What you need to do:
Write out exactly the lines from the one containing "by rewrite -[X" through the last line of the records below, including both.
· · · ·
Theorem corollary5 (R : realType) :
  exists c1 c2 : R, [/\ 0 < c1, 0 < c2 &
    forall (n : nat) (x : 'I_n.+1 -> 'rV[R]_n), (0 < n)%N ->
      regular_inscribed R x ->
      c1 * theta R n <= proj_norm R x <= c2 * theta R n].
Proof.
exists 1, 4; split=> // n x n_gt0 x_reg.
have x_in_Bn j : Bn R n (x j).
  by case: x_reg => _ x_unit _; rewrite BnE unit_sphere_dot.
have nd : Defs.nondegenerate R x by case: x_reg.
have theta_le := theta_le_proj_norm R x n_gt0 x_in_Bn nd.
have theta_ge := sqrt_half_le_theta R x n_gt0 x_in_Bn nd.
have proj_le := regular_inscribed_proj_norm_le R n_gt0 x_reg.
have sqrt_ge1 : 1 <= Num.sqrt n%:R :> R.
  by rewrite -[X in X <= _]sqrtr1 ler_sqrt ?ler0n // ler1n.
by rewrite mul1r theta_le /=; lra.
Qed.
· · · ·
Output for this task:
  by rewrite -[X in X <= _]sqrtr1 ler_sqrt ?ler0n // ler1n.
by rewrite mul1r theta_le /=; lra.
Qed.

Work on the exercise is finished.